WHAT IS NEEDED: From the records, pick out and copy each line containing "exists".

(Beginning of INPUT RECORDS)

Theorem theorem4p31
  (ob : Type) (hom : ob -> ob -> Type) (C : @BMCData ob hom) (HC : is_bmc ob hom C)
  (Omega : Type) (s t : Omega -> nat) (A : ob) (opsA : magma_ops Omega s t A)
  (* the full subcategory D of Comeas(A,A), given by its class of objects *)
  (D : forall Q : ob, hom (Q ⊗ Q) Q -> hom 𝟙 Q -> hom A (A ⊗ Q) -> Prop)
  (B0 : ob) (mu0 : hom (B0 ⊗ B0) B0) (u0 : hom 𝟙 B0) (rho0 : hom A (A ⊗ B0)) :
  (* objects of D are objects of Comeas(A,A) *)
  (forall Q mu u rho, D Q mu u rho -> is_monoid Q mu u /\ is_comeasuring Omega s t A A opsA opsA Q mu u rho) ->
  (* rho0 is an initial object of D *)
  D B0 mu0 u0 rho0 ->
  (forall Q mu u rho, D Q mu u rho ->
     exists! phi : hom B0 Q, monoid_hom B0 mu0 u0 Q mu u phi /\ (idm A ⊗' phi) ∘ rho0 = rho) ->
  (* D is closed under coarsenings *)
  (forall Q1 mu1 u1 rho Q2 mu2 u2 (tau : hom Q1 Q2),
     D Q1 mu1 u1 rho -> is_monoid Q2 mu2 u2 -> monoid_hom Q1 mu1 u1 Q2 mu2 u2 tau ->
     D Q2 mu2 u2 ((idm A ⊗' tau) ∘ rho)) ->
  (* A -> A ⊗ 𝟙 (for the monoid 𝟙) is in D *)
  D 𝟙 unit_mu unit_u (runit_inv A) ->
  (* (rho0 ⊗ id) rho0 : A -> A ⊗ (B0 ⊗ B0) (for the monoid B0 ⊗ B0) is in D *)
  D (B0 ⊗ B0) (tmu B0 mu0) (tu B0 u0) (assoc A B0 B0 ∘ (rho0 ⊗' idm B0) ∘ rho0) ->
  exists (d0 : hom B0 (B0 ⊗ B0)) (e0 : hom B0 𝟙),
    is_coaction Omega s t A opsA B0 mu0 u0 d0 e0 rho0 /\
    (forall (d : hom B0 (B0 ⊗ B0)) (e : hom B0 𝟙),
       is_coaction Omega s t A opsA B0 mu0 u0 d e rho0 -> d = d0 /\ e = e0) /\
    (forall (B : ob) (mu : hom (B ⊗ B) B) (u : hom 𝟙 B) (d : hom B (B ⊗ B))
            (e : hom B 𝟙) (rho : hom A (A ⊗ B)),
       is_coaction Omega s t A opsA B mu u d e rho -> D B mu u rho ->
       exists! phi : hom B0 B,
         bimonoid_hom B0 mu0 u0 d0 e0 B mu u d e phi /\ (idm A ⊗' phi) ∘ rho0 = rho).
Proof.
  intros D_comeas D_rho0 rho0_init D_coarse D_runit_inv D_rho0_iterated.
  destruct (rho0_init _ _ _ _ D_rho0_iterated) as [d0 [[d0_hom d0_rho0] _]].
  destruct (rho0_init _ _ _ _ D_runit_inv) as [e0 [[e0_hom e0_rho0] _]].
  exists d0, e0. split; [|split].
  - eapply rho0_coaction; eassumption.
  - intros d e Hcoact. eapply rho0_coaction_unique; eassumption.
  - intros B mu u d e rho Hcoact D_rho.
    destruct (rho0_init _ _ _ _ D_rho) as [phi [[phi_hom phi_rho0] phi_unique]].
    exists phi. split.
    + split; [split; [exact phi_hom|]|exact phi_rho0].
      eapply coaction_monoid_hom_comonoid_hom; eassumption.
    + intros psi [[psi_hom _] psi_rho0]. apply phi_unique. split; assumption.
Qed.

(End of INPUT RECORDS)

TASK OUTPUT:
     exists! phi : hom B0 Q, monoid_hom B0 mu0 u0 Q mu u phi /\ (idm A ⊗' phi) ∘ rho0 = rho) ->
  exists (d0 : hom B0 (B0 ⊗ B0)) (e0 : hom B0 𝟙),
       exists! phi : hom B0 B,
  exists d0, e0. split; [|split].
    exists phi. split.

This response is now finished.